Global oil stock build to start in December: Barkindo

  • : Crude oil
  • 21/11/16

Global oil inventories could begin to build before the end of this year, Opec secretary-general Mohammed Barkindo said today, reinforcing an Opec+ forecast of oversupply in the first quarter.

"The surplus is already beginning in December," Barkindo said on the sidelines of the Adipec conference in Abu Dhabi. "The projections, not only from Opec, but from the IEA and others, show throughout the quarters of next year that there would be oversupply in the market, using the metric of the OECD stocks."

The prospect of a surplus at the start 2022 was a key argument invoked by the Opec+ alliance on 4 November, when it confirmed a 400,000 b/d December increase in coalition quotas in the face of key buyers' calls for more.

"[Oversupply] is further evidence why we should be very cautious, measured in the decisions that we take every month," Barkindo said, noting pointing to the unpredictability of potential further Covid-19 strains and government responses to the pandemic.

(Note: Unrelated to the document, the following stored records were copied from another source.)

(* Let $C$ be a cone in $\mathbb{R}^n$. Assume $X$ and $Y$ are nonempty closed decomposably $C$-antichain-convex subsets of $\mathbb{R}^n$, $Y$ is bounded and $X\cap Y=\emptyset$. (1) If $X$ is $C$-upward, then $X$ and $Y$ are strictly separated. (2) If $X$ is $C$-downward, then $X$ and $Y$ are strictly separated.
   Context: A cone in $\mathbb{R}^n$ is a subset $C$ with $\lambda C\subseteq C$ for all $\lambda>0$ (possibly empty, need not contain $0$). $S$ is $C$-antichain-convex iff for all $x,y\in S$ and $\lambda\in[0,1]$ with $y-x\notin C\cup(-C)$ one has $\lambda x+(1-\lambda)y\in S$; $S$ is decomposably $C$-antichain-convex iff it is a Minkowski sum of finitely many $C$-antichain-convex sets. $S$ is $C$-upward iff $S+C\subseteq S$; $C$-downward iff $S-C\subseteq S$. $X$ and $Y$ are strictly separated iff there is a linear functional $f$ on $\mathbb{R}^n$ with $\sup f[X]<\inf f[Y]$. *)

From HB Require Import structures.
From mathcomp Require Import all_boot all_order all_algebra.
From mathcomp Require Import all_classical all_reals all_analysis.
Set Implicit Arguments. Unset Strict Implicit. Unset Printing Implicit Defensive.
Import Order.TTheory GRing.Theory Num.Theory.
Import numFieldNormedType.Exports.
Local Open Scope classical_set_scope.
Local Open Scope ring_scope.

(* A cone: closed under multiplication by positive scalars (may be empty,
   need not contain 0). *)
Definition is_cone (R : realType) (n : nat) (C : set 'rV[R]_n) : Prop :=
  forall (l : R) (c : 'rV[R]_n), 0 < l -> C c -> C (l *: c).

Definition antichain_convex (R : realType) (n : nat)
    (C S : set 'rV[R]_n) : Prop :=
  forall (x y : 'rV[R]_n) (l : R), S x -> S y -> 0 <= l <= 1 ->
    ~ (C (y - x) \/ C (- (y - x))) ->
    S (l *: x + (1 - l) *: y).

Definition minkowski_sum (R : realType) (n k : nat)
    (F : 'I_k -> set 'rV[R]_n) : set 'rV[R]_n :=
  [set x | exists p : 'I_k -> 'rV[R]_n,
             (forall i, F i (p i)) /\ x = \sum_(i < k) p i].

Definition decomp_antichain_convex (R : realType) (n : nat)
    (C S : set 'rV[R]_n) : Prop :=
  exists (k : nat) (F : 'I_k -> set 'rV[R]_n),
    (forall i, antichain_convex C (F i)) /\ S = minkowski_sum F.

Definition upward (R : realType) (n : nat) (C S : set 'rV[R]_n) : Prop :=
  forall x c, S x -> C c -> S (x + c).

Definition downward (R : realType) (n : nat) (C S : set 'rV[R]_n) : Prop :=
  forall x c, S x -> C c -> S (x - c).

Definition strictly_separated (R : realType) (n : nat)
    (X Y : set 'rV[R]_n) : Prop :=
  exists f : {linear 'rV[R]_n -> R^o},
    (ereal_sup [set (f x)%:E | x in X] < ereal_inf [set (f y)%:E | y in Y])%E.

From HB Require Import structures.
From mathcomp Require Import all_boot all_order all_algebra.
From mathcomp Require Import all_classical all_reals all_analysis.
From mathcomp Require Import ring lra.

Set Implicit Arguments.
Unset Strict Implicit.
Unset Printing Implicit Defensive.
Import Order.TTheory GRing.Theory Num.Theory.
Import numFieldNormedType.Exports.
Local Open Scope classical_set_scope.
Local Open Scope ring_scope.

(* If X is C-upward, X - Y is convex. Indeed, a convex combination of two
   points of a C-antichain-convex set F lies in F + (C u {0}): either the two
   points are incomparable and the combination is in F, or it lies on a
   segment starting at one of them in a direction of C or -C. Summing over the
   summands of the decompositions, a convex combination of two points of X - Y
   is x - y + c with x in X, y in Y and c a sum of elements of C u {0}, and X
   absorbs c because it is upward. Since X is closed and Y compact, X - Y has
   a point z0 of least Euclidean norm, nonzero by disjointness, and the
   first-order condition <z0, z - z0> >= 0 on the convex set X - Y shows that
   -<z0, .> separates X from Y with gap |z0|^2. The downward case is the
   upward case for the cone -C. *)

Lemma convex_combEr (K : pzRingType) (V : lmodType K) (l : K) (p q : V) :
  l *: p + (1 - l) *: q = q + l *: (p - q).
Proof.
by rewrite scalerBr scalerBl scale1r addrCA addrC -addrA [- _ + _]addrC.
Qed.

Lemma convex_combEl (K : pzRingType) (V : lmodType K) (l : K) (p q : V) :
  l *: p + (1 - l) *: q = p + (1 - l) *: (q - p).
Proof. by rewrite addrC -convex_combEr subKr. Qed.

Lemma first_order_coef_ge0 (R : realFieldType) (a b : R) :
  0 <= b ->
  (forall t, 0 < t <= 1 -> 0 <= 2 * t * a + t ^+ 2 * b) -> 0 <= a.
Proof.
move=> b0 small_t; rewrite leNgt; apply/negP => a0.
pose t := - a / (b - a).
have tE : t * (b - a) = - a by rewrite mulfVK //; apply: lt0r_neq0; lra.
have t0 : 0 < t by rewrite divr_gt0 //; lra.
have t1 : t <= 1 by rewrite ler_pdivrMr; lra.
have := small_t t; rewrite t0 t1 expr2 => /(_ isT).
(* [t * b = (t - 1) * a], so the expression is [t * (1 + t) * a < 0]. *)
nra.
Qed.

Section Euclidean.
Variables (R : realType) (n : nat).
Implicit Types (u v : 'rV[R]_n) (X Y : set 'rV[R]_n).

Definition dot u v : R^o := \sum_j u ord0 j * v ord0 j.
Definition sqnorm v : R := dot v v.

Lemma dot_linear u : linear (dot u).
Proof.
move=> a v w; rewrite /dot scaler_sumr -big_split; apply: eq_bigr => j _.
by rewrite !mxE /GRing.scale /=; ring.
Qed.

HB.instance Definition _ u :=
  GRing.isLinear.Build R 'rV[R]_n R^o *:%R (dot u) (dot_linear u).

Lemma dotNl u v : dot (- u) v = - dot u v.
Proof. by rewrite /dot -sumrN; apply: eq_bigr => j _; rewrite mxE mulNr. Qed.

Lemma sqnormDZ u v (t : R) :
  sqnorm (u + t *: v) = sqnorm u + 2 * t * dot u v + t ^+ 2 * sqnorm v.
Proof.
rewrite /sqnorm /dot !mulr_sumr -!big_split; apply: eq_bigr => j _.
by rewrite !mxE /=; ring.
Qed.

Lemma sqnorm_ge0 v : 0 <= sqnorm v.
Proof. by apply: sumr_ge0 => j _; rewrite -expr2 sqr_ge0. Qed.

Lemma sqnorm_gt0 v : v != 0 -> 0 < sqnorm v.
Proof.
apply: contraNT; rewrite lt_def sqnorm_ge0 andbT negbK.
rewrite psumr_eq0 => [/allP v0|j _]; last by rewrite -expr2 sqr_ge0.
apply/eqP/matrixP => i j; rewrite (ord1 i) mxE.
by have /v0 := mem_index_enum j; rewrite mulf_eq0 orbb => /eqP.
Qed.

(* [`|v|] is the max norm of ['rV_n], while [sqnorm] is Euclidean. *)
Lemma normr_sqr_le_sqnorm v : `|v| ^+ 2 <= sqnorm v.
Proof.
change (mx_norm v ^+ 2 <= sqnorm v).
have [->|/mx_norm_neq0 [[i j] ->]] := eqVneq (mx_norm v) 0.
  by rewrite expr0n sqnorm_ge0.
rewrite (ord1 i) real_normK ?num_real // expr2 /sqnorm /dot (bigD1 j) //= lerDl.
by apply: sumr_ge0 => k _; rewrite -expr2 sqr_ge0.
Qed.

Lemma sqnorm_gt v (m : R) : 0 <= m -> m + 1 < `|v| -> m < sqnorm v.
Proof. by have := normr_sqr_le_sqnorm v; rewrite expr2; nra. Qed.

Lemma sqnorm_continuous : continuous sqnorm.
Proof.
apply: (@continuous_big _ _ +%R 0 xpredT add_continuous) => j _ v.
by apply: continuousM; apply: coord_continuous.
Qed.

Lemma exists_min_sqnorm_sub X Y :
  X !=set0 -> Y !=set0 -> closed X -> closed Y -> [bounded y | y in Y] ->
  exists x0 y0, [/\ X x0, Y y0 &
    forall x y, X x -> Y y -> sqnorm (x0 - y0) <= sqnorm (x - y)].
Proof.
move=> [x1 Xx1] [y1 Yy1] cX cY bY; have [M [_ YM]] := bY.
have Yb y : Y y -> `|y| <= M + 1 by move=> Yy; apply: YM Yy; rewrite ltrDl.
pose m := sqnorm (x1 - y1); have m0 : 0 <= m := sqnorm_ge0 _.
pose B := M + 1 + m + 1.
have far x y : Y y -> B < `|x| -> m < sqnorm (x - y).
  move=> Yy Bx; apply: sqnorm_gt m0 _.
  by have := lerB_dist x y; have := Yb _ Yy; rewrite /B in Bx; lra.
pose XB := X `&` closed_ball_ (@Num.norm _ _) 0 B.
have XBP x : X x -> `|x| <= B -> XB x.
  by move=> Xx xB; split; rewrite // /closed_ball_ /= sub0r normrN.
have cXB : compact XB.
  apply: bounded_closed_compact.
    exists B; split => [|B' BB' x [_]]; first by rewrite num_real.
    by rewrite /closed_ball_ /= sub0r normrN => /le_trans; apply; apply: ltW.
  by apply: closedI => //; apply: closed_closed_ball_.
have x1B : `|x1| <= B.
  by rewrite leNgt; apply/negP => /(far _ _ Yy1); rewrite ltxx.
have dist_continuous :
    continuous (fun p : 'rV[R]_n * 'rV[R]_n => sqnorm (p.1 - p.2)).
  move=> p; apply: continuous_comp; first exact: sub_continuous.
  exact: sqnorm_continuous.
have [[x0 y0] /set_mem [[Xx0 _] Yy0] min0] := compact_EVT_min
  (ex_intro _ (x1, y1) (conj (XBP _ Xx1 x1B) Yy1) : (XB `*` Y) !=set0)
  (compact_setX cXB (bounded_closed_compact bY cY))
  (continuous_subspaceT dist_continuous).
exists x0, y0; split => // x y Xx Yy.
have [xB|/(far _ _ Yy) ltm] := leP `|x| B.
  by apply: (min0 (x, y)); rewrite inE; split => //; apply: XBP.
apply/ltW/le_lt_trans/ltm.
by apply: (min0 (x1, y1)); rewrite inE; split => //; apply: XBP.
Qed.

Lemma strictly_separated_gap (f : {linear 'rV[R]_n -> R^o}) (d : R) X Y :
  0 < d -> X !=set0 -> Y !=set0 ->
  (forall x y, X x -> Y y -> f x + d <= f y) -> strictly_separated X Y.
Proof.
move=> d0 [x1 Xx1] [y1 Yy1] gap; exists f.
have sup_le y : Y y -> (ereal_sup [set (f x)%:E | x in X] <= (f y - d)%:E)%E.
  move=> Yy; apply: ge_ereal_sup => _ [x Xx <-]; rewrite lee_fin.
  by have := gap x y Xx Yy; lra.
have [r supE] : exists r, ereal_sup [set (f x)%:E | x in X] = r%:E.
  have : ((f x1)%:E <= ereal_sup [set (f x)%:E | x in X])%E.
    by apply: ereal_sup_ubound; exists x1.
  move: (sup_le _ Yy1).
  by case: (ereal_sup _) => [r| |] //; exists r.
rewrite supE; apply: (@lt_le_trans _ _ (r + d)%:E).
  by rewrite lte_fin; lra.
apply: le_ereal_inf_tmp => _ [y Yy <-]; rewrite lee_fin.
by have := sup_le y Yy; rewrite supE lee_fin; lra.
Qed.

Definition is_convex (Z : set 'rV[R]_n) : Prop :=
  forall z z' (l : R), Z z -> Z z' -> 0 <= l <= 1 -> Z (l *: z + (1 - l) *: z').

Lemma convex_min_sqnorm_dot Z z0 : is_convex Z -> Z z0 ->
  (forall z, Z z -> sqnorm z0 <= sqnorm z) ->
  forall z, Z z -> sqnorm z0 <= dot z0 z.
Proof.
move=> cZ Zz0 min0 z Zz.
suff : 0 <= dot z0 (z - z0) by rewrite linearB subr_ge0.
apply: (first_order_coef_ge0 (sqnorm_ge0 (z - z0))) => t /andP[t0 t1].
have := min0 _ (cZ _ _ t Zz Zz0 (introT andP (conj (ltW t0) t1))).
by rewrite convex_combEr sqnormDZ -addrA lerDl.
Qed.

Theorem strictly_separated_convex_sub X Y :
  X !=set0 -> Y !=set0 -> closed X -> closed Y -> [bounded y | y in Y] ->
  X `&` Y = set0 -> is_convex [set x - y | x in X & y in Y] ->
  strictly_separated X Y.
Proof.
move=> X0 Y0 cX cY bY XY0 cZ.
have [x0 [y0 [Xx0 Yy0 min0]]] := exists_min_sqnorm_sub X0 Y0 cX cY bY.
pose z0 := x0 - y0.
have z0_gt0 : 0 < sqnorm z0.
  apply: sqnorm_gt0; rewrite subr_eq0; apply/eqP => x0E.
  have : (X `&` Y) x0 by split; last rewrite x0E.
  by rewrite XY0.
have dot_ge x y : X x -> Y y -> sqnorm z0 <= dot z0 (x - y).
  move=> Xx Yy; apply: (convex_min_sqnorm_dot cZ) => [|_ [x' Xx' [y' Yy' <-]]|].
  - by exists x0 => //; exists y0.
  - exact: min0.
  - by exists x => //; exists y.
apply: (@strictly_separated_gap (dot (- z0)) _ _ _ z0_gt0 X0 Y0) => x y Xx Yy.
by have := dot_ge x y Xx Yy; rewrite /= !dotNl linearB /=; lra.
Qed.

End Euclidean.

Section DecomposablyAntichainConvex.
Variables (R : realType) (n : nat).
Implicit Types (C F S T X Y : set 'rV[R]_n).

Definition opp_cone C := [set c | C (- c)].

Lemma is_cone_opp C : is_cone C -> is_cone (opp_cone C).
Proof. by move=> hC l c l0 Cc; rewrite /opp_cone /= -scalerN; apply: hC. Qed.

Lemma antichain_convex_opp C S :
  antichain_convex C S -> antichain_convex (opp_cone C) S.
Proof.
move=> hS x y l Sx Sy hl incomparable; apply: hS => // comparable.
by apply: incomparable; rewrite /opp_cone /= opprK or_comm.
Qed.

Lemma decomp_antichain_convex_opp C S :
  decomp_antichain_convex C S -> decomp_antichain_convex (opp_cone C) S.
Proof.
move=> [k [F [hF ->]]]; exists k, F; split => // i.
exact: antichain_convex_opp.
Qed.

Lemma downward_upward_opp C S : downward C S -> upward (opp_cone C) S.
Proof. by move=> hS x c Sx Cc; rewrite -[c]opprK; apply: hS. Qed.

Lemma cone0_scale C (t : R) c :
  is_cone C -> 0 <= t -> C c -> (C `|` [set 0]) (t *: c).
Proof.
move=> hC t0 Cc; have [->|t_neq0] := eqVneq t 0.
  by right; rewrite scale0r.
by left; apply: hC => //; rewrite lt_def t_neq0 t0.
Qed.

Lemma antichain_convex_comb C F p q (l : R) :
  is_cone C -> antichain_convex C F -> F p -> F q -> 0 <= l <= 1 ->
  exists2 r, F r & (C `|` [set 0]) (l *: p + (1 - l) *: q - r).
Proof.
move=> hC hF Fp Fq /andP[l0 l1].
have [[Cqp|Cpq]|incomparable] := pselect (C (q - p) \/ C (- (q - p))).
- exists p; rewrite // convex_combEl addrC addKr.
  by apply: cone0_scale; rewrite // subr_ge0.
- exists q; rewrite // convex_combEr addrC addKr.
  by apply: cone0_scale => //; rewrite -opprB.
- exists (l *: p + (1 - l) *: q); last by rewrite subrr; right.
  by apply: hF; rewrite ?l0.
Qed.

Lemma upward_addr_sum C T k (c : 'I_k -> 'rV[R]_n) x : upward C T ->
  (forall i, (C `|` [set 0]) (c i)) -> T x -> T (x + \sum_i c i).
Proof.
move=> hT hc; elim/big_ind: _ x => [x|a b Ha Hb x Tx|i _ x Tx].
- by rewrite addr0.
- by rewrite addrA; apply/Hb/Ha.
- by case: (hc i) => [Cc|->]; [apply: hT | rewrite addr0].
Qed.

Lemma decomp_antichain_convex_comb C S T x x' (l : R) :
  is_cone C -> decomp_antichain_convex C S -> upward C T -> S `<=` T ->
  S x -> S x' -> 0 <= l <= 1 -> T (l *: x + (1 - l) *: x').
Proof.
move=> hC [k [F [hF ->]]] hT ST [p [Fp ->]] [p' [Fp' ->]] hl.
pose w i := l *: p i + (1 - l) *: p' i.
have /choice [r Fr] : forall i, exists r, F i r /\ (C `|` [set 0]) (w i - r).
  move=> i; have [r] := antichain_convex_comb hC (hF i) (Fp i) (Fp' i) hl.
  by exists r.
have -> : l *: \sum_i p i + (1 - l) *: \sum_i p' i =
          \sum_i r i + \sum_i (w i - r i).
  by rewrite !scaler_sumr -!big_split; apply: eq_bigr => i _ /=; rewrite subrKC.
apply: upward_addr_sum hT _ _; first by move=> i; case: (Fr i).
by apply: ST; exists r; split => // i; case: (Fr i).
Qed.

Lemma upward_decomp_convex_sub C X Y : is_cone C -> upward C X ->
  decomp_antichain_convex C X -> decomp_antichain_convex C Y ->
  is_convex [set x - y | x in X & y in Y].
Proof.
move=> hC hX dX dY _ _ l [x Xx [y Yy <-]] [x' Xx' [y' Yy' <-]] hl.
pose a := l *: x + (1 - l) *: x'; pose b := l *: y + (1 - l) *: y'.
have Xa : X a by apply: (decomp_antichain_convex_comb hC dX hX).
(* [b] is a point of [Y] minus an element of the cone, which [X] absorbs. *)
pose T := [set w | exists2 s, Y s & X (a + s - w)].
have [s Ys Xb] : T b.
  apply: (decomp_antichain_convex_comb (is_cone_opp hC)
           (decomp_antichain_convex_opp dY)) => //.
    by move=> w c [s Ys Xw] Cc; exists s; rewrite // opprD addrA; apply: hX.
  by move=> w Yw; exists w; rewrite ?addrK.
exists (a + s - b) => //; exists s => //.
by rewrite addrAC addrK !scalerBr addrACA opprD.
Qed.

End DecomposablyAntichainConvex.

Theorem corollary3 (R : realType) (n : nat) (C X Y : set 'rV[R]_n) :
  is_cone C ->
  X !=set0 -> Y !=set0 ->
  closed X -> closed Y ->
  decomp_antichain_convex C X -> decomp_antichain_convex C Y ->
  [bounded y | y in Y] ->
  X `&` Y = set0 ->
  (upward C X -> strictly_separated X Y) /\
  (downward C X -> strictly_separated X Y).
Proof.
move=> hC X0 Y0 cX cY dX dY bY XY0; split => hX.
  exact/strictly_separated_convex_sub/(upward_decomp_convex_sub hC hX dX dY).
apply: strictly_separated_convex_sub => //.
apply: (upward_decomp_convex_sub (is_cone_opp hC)).
- exact: downward_upward_opp.
- exact: decomp_antichain_convex_opp.
- exact: decomp_antichain_convex_opp.
Qed.
Lemma mxrank_QB : (\rank B + \rank B - (n + n) <= \rank QB)%N.
Proof.
have rank_JB : \rank (sympl_mx n *m B^T) = \rank B.
  by rewrite (eqmxMfull _ (row_free_sympl_mx _ n)) mxrank_tr.
by have := mxrank_mul_min B (sympl_mx n *m B^T); rewrite rank_JB /QB mulmxA.
Qed.

Lemma image_BA_annihilator_isotropic M l (T : 'M['F_2]_(l, m)) :
  M \in image_BA -> T *m M = 0 -> isotropic_mx QB T.
Proof.
case/imsetP => A; rewrite inE isotropicE => /andP[/eqP rankA isoA] -> TBA0.
have := lagrangian_annihilator_isotropic rankA isoA (_ : (T *m B) *m A = 0).
by rewrite -mulmxA TBA0 /isotropic_mx /QB trmx_mul !mulmxA => ->.
Qed.

Lemma card_image_BA_le_rank : (#|image_BA| <= 2 ^ (n * \rank B))%N.
Proof.
have <- : #|[set X^T | X in [set X : 'M['F_2]_(n, m) | (X <= B^T)%MS]]| =
          (2 ^ (n * \rank B))%N.
  by rewrite card_imset ?card_submx ?card_ord ?mxrank_tr //; exact: trmx_inj.
apply/subset_leq_card/subsetP => _ /imsetP[A _ ->]; apply/imsetP.
by exists (A^T *m B^T); rewrite ?inE ?submxMl // -trmx_mul trmxK.
Qed.

(* Double count the pairs [(M, T)] with [M] in the image and [T] row-free with
   [T *m M = 0]: each [M] has rank at most [n], and each such [T] is
   [QB]-isotropic and annihilates at most [2 ^ (n * (m - l))] matrices. *)
Lemma card_image_BA_le l : (l <= m - n)%N -> (2 * l <= \rank QB)%N ->
  (#|image_BA| * 2 ^ (l * (m - n).-1) <=
   l.+1 * (2 ^ l * 2 ^ (\sum_(i < l) (m - i))) * 2 ^ (n * (m - l)))%N.
Proof.
move=> lel le2lQ; rewrite -sum_nat_const.
apply: (@leq_trans (\sum_(M in image_BA)
    #|[set T : 'M['F_2]_(l, m) | row_free T && (T <= kermx M)%MS]|)).
  apply: leq_sum => M _.
  have le_ker : (m - n <= \rank (kermx M))%N by rewrite mxrank_ker leq_sub2l ?rank_leq_col.
  have := card_row_free_submx (leq_trans lel le_ker); rewrite card_ord; apply: leq_trans.
  by rewrite leq_exp2l // leq_mul2l -!subn1 leq_sub2r ?orbT.
under eq_bigr => M _ do rewrite -sum1dep_card big_mkcond.
rewrite exchange_big /=.
apply: (@leq_trans (\sum_(T : 'M['F_2]_(l, m))
    (row_free T && isotropic_mx QB T) * 2 ^ (n * (m - l)))); last first.
  rewrite -big_distrl leq_mul2r /=; apply/orP; right.
  have := card_isotropic_le tr_QB le2lQ; rewrite card_ord; apply: leq_trans.
  rewrite -sum1dep_card [leqRHS]big_mkcond; apply: leq_sum => T _.
  by case: (row_free T).
apply: leq_sum => T _.
have [freeT | _] := boolP (row_free T); last by rewrite big1.
have [isoT | notisoT] := boolP (isotropic_mx QB T); last first.
  rewrite big1 // => M imM; rewrite sub_kermx.
  by case: eqP => // /(image_BA_annihilator_isotropic imM); rewrite (negbTE notisoT).
have := card_mulmx_eq0 n T; rewrite card_ord (eqP freeT) mul1n => <-.
rewrite -sum1dep_card [leqRHS]big_mkcond [leqLHS]big_mkcond /=.
by apply: leq_sum => M _; case: ifP; rewrite // sub_kermx.
Qed.

Lemma col_mx1_IsoFR : col_mx 1%:M 0 \in IsoFR n.
Proof.
rewrite inE rank_col_mx0 mxrank1 eqxx isotropicE /isotropic_mx trmxK tr_col_mx trmx1 trmx0.
rewrite /sympl_mx mul_row_block !(mulmx0, mul0mx, mulmx1, mul1mx, addr0, add0r).
by rewrite mul_row_col mul1mx mulmx1 addr0 eqxx.
Qed.

Lemma card_image_BA_gt0 : (0 < #|image_BA|)%N.
Proof. by apply/card_gt0P; exists (B *m col_mx 1%:M 0); exact/imset_f/col_mx1_IsoFR. Qed.

Lemma prob_BA_ge0 M : 0 <= prob_BA B M.
Proof. by rewrite divr_ge0 ?ler0n. Qed.

Lemma sum_prob_BA : \sum_M prob_BA B M = 1.
Proof.
have card_fibers : (\sum_M #|[set A in IsoFR n | B *m A == M]| = #|IsoFR n|)%N.
  rewrite -sum1_card (partition_big (mulmx B) xpredT) //=.
  by apply: eq_bigr => M _; rewrite sum1dep_card.
rewrite -mulr_suml -natr_sum card_fibers divff // pnatr_eq0 -lt0n.
by apply/card_gt0P; exists (col_mx 1%:M 0); exact: col_mx1_IsoFR.
Qed.

Lemma prob_BA_neq0 M : prob_BA B M != 0 -> M \in image_BA.
Proof.
apply: contraR => notM; rewrite /prob_BA (_ : [set A in IsoFR n | B *m A == M] = set0).
  by rewrite cards0 mul0r.
apply/setP => A; rewrite !inE; apply: contraNF notM => /andP[isoA /eqP <-].
by apply/imsetP; exists A; rewrite ?inE.
Qed.

Lemma entropy_BA_le_log2_image : entropy_BA B <= log2 #|image_BA|%:R.
Proof. exact: entropy_le_log2_card prob_BA_ge0 sum_prob_BA prob_BA_neq0. Qed.

Lemma entropy_BA_le_rank : entropy_BA B <= (n * \rank B)%:R.
Proof.
apply: le_trans entropy_BA_le_log2_image _.
have := @log2_le_of_mul _ 0 _ card_image_BA_gt0; rewrite muln1 addr0.
by apply; exact: card_image_BA_le_rank.
Qed.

"All these uncertainties further buttress our commitment that we need to keep our hands firmly on the steering wheel, continue to meet regularly on a monthly basis, review your data, your report, talking to all practitioners and moving step by step," he said.

Earlier this month, the Opec+ Joint Technical Committee (JTC) — which studies market fundamentals that inform the group's output policy — examined a base supply-and-demand scenario that projected a 223mn bl global oil stock build in the first quarter and OECD commercial inventories moving back above the 2015-19 average from the second quarter, according to a document seen by Argus. Opec+ has not clarified if its forecasts factor in the group's inability to bring back a full 400,000 b/d each month. Tightening levels of spare capacity, infrastructure challenges and sabotage have prevented some members from meeting their quotas, and the group as a whole produced 690,000 b/d below the upper limit last month.

This came as a surge in global crude prices to above $80/bl in recent weeks has repeatedly put the Opec+ 'slow and steady' approach at sharp odds with key consuming countries, including India, Japan and the US. As high prices ripple into US gasoline costs, the White House has mulled a supply release from the country's Strategic Petroleum Reserve.

Earlier in the week, Mideast Gulf allies Kuwait and the UAE once again pushed back against foreign pressures, invoking a stock build next year.

"We would like the industry, the market, the world to have confidence in our ability to continue to do our best, so that this recovery does not falter in any shape or form," Barkindo said today.

The IEA today flagged rising oil supplies, which could soften prices.

"Preliminary data and satellite observations of stock changes in October suggest the tide might be turning," the agency said in its latest Oil Market Report (OMR).